### GIVEN ENTRIES

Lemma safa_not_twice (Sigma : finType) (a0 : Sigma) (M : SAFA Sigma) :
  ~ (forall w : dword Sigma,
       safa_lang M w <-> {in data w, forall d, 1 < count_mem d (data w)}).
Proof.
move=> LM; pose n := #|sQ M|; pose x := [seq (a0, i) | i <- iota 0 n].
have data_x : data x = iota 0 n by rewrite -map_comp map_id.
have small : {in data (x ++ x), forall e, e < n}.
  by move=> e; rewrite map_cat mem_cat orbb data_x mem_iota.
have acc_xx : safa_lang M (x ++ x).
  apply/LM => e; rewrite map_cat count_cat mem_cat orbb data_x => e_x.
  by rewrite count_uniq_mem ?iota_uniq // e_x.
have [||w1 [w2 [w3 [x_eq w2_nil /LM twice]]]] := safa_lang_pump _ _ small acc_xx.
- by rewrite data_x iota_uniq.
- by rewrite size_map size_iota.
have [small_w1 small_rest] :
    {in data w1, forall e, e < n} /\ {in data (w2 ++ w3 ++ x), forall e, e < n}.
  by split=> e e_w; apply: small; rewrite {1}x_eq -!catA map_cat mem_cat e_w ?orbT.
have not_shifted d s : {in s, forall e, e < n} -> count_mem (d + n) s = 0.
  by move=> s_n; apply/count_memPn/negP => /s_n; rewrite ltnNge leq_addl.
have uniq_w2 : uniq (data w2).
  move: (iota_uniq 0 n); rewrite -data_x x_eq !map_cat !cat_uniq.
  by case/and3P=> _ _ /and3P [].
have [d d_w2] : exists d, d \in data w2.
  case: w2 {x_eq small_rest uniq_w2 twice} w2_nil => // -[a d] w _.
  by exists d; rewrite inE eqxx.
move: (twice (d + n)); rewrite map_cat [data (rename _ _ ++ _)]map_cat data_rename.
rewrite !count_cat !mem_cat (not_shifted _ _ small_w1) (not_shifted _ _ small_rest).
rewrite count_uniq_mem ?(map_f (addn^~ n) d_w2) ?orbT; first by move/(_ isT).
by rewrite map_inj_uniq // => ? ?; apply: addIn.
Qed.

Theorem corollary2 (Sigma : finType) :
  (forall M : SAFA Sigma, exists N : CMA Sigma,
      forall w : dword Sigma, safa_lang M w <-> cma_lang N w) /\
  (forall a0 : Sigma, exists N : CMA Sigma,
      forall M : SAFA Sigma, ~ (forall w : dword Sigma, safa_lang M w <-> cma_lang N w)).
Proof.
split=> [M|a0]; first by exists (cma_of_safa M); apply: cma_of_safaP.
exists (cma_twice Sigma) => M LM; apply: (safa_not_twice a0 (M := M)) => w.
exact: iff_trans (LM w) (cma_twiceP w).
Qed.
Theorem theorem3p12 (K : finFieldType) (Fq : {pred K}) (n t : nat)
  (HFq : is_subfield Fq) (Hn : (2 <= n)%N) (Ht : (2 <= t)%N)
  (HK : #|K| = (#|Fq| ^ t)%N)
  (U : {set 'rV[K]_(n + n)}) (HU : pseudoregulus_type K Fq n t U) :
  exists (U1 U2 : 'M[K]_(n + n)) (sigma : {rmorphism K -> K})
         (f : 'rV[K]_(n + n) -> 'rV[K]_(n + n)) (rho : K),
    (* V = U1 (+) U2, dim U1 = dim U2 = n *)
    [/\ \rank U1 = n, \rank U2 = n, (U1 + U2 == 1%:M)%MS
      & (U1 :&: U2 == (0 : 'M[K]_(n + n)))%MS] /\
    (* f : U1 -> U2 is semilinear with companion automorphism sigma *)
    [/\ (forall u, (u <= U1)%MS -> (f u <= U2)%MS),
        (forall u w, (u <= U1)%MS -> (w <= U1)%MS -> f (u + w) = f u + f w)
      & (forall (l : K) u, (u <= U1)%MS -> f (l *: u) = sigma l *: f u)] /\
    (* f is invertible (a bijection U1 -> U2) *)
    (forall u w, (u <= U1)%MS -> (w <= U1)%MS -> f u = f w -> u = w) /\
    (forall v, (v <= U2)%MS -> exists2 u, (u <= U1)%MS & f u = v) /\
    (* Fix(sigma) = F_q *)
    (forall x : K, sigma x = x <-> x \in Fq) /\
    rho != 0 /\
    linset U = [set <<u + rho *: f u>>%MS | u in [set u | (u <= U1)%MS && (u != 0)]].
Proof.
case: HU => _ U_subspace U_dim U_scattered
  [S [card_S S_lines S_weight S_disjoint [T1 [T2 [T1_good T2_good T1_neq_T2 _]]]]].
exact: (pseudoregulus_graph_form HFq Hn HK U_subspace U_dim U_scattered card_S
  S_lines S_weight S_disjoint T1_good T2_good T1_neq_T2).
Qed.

######

* _EXERCISE BRIEF_: Beginning with the first line of the entries, repeat each line exactly until you have reproduced the one containing "have [d d_w2] : exists d, d \in data w2.", and add nothing further.

* _ANSWER SECTION_:
Lemma safa_not_twice (Sigma : finType) (a0 : Sigma) (M : SAFA Sigma) :
  ~ (forall w : dword Sigma,
       safa_lang M w <-> {in data w, forall d, 1 < count_mem d (data w)}).
Proof.
move=> LM; pose n := #|sQ M|; pose x := [seq (a0, i) | i <- iota 0 n].
have data_x : data x = iota 0 n by rewrite -map_comp map_id.
have small : {in data (x ++ x), forall e, e < n}.
  by move=> e; rewrite map_cat mem_cat orbb data_x mem_iota.
have acc_xx : safa_lang M (x ++ x).
  apply/LM => e; rewrite map_cat count_cat mem_cat orbb data_x => e_x.
  by rewrite count_uniq_mem ?iota_uniq // e_x.
have [||w1 [w2 [w3 [x_eq w2_nil /LM twice]]]] := safa_lang_pump _ _ small acc_xx.
- by rewrite data_x iota_uniq.
- by rewrite size_map size_iota.
have [small_w1 small_rest] :
    {in data w1, forall e, e < n} /\ {in data (w2 ++ w3 ++ x), forall e, e < n}.
  by split=> e e_w; apply: small; rewrite {1}x_eq -!catA map_cat mem_cat e_w ?orbT.
have not_shifted d s : {in s, forall e, e < n} -> count_mem (d + n) s = 0.
  by move=> s_n; apply/count_memPn/negP => /s_n; rewrite ltnNge leq_addl.
have uniq_w2 : uniq (data w2).
  move: (iota_uniq 0 n); rewrite -data_x x_eq !map_cat !cat_uniq.
  by case/and3P=> _ _ /and3P [].
have [d d_w2] : exists d, d \in data w2.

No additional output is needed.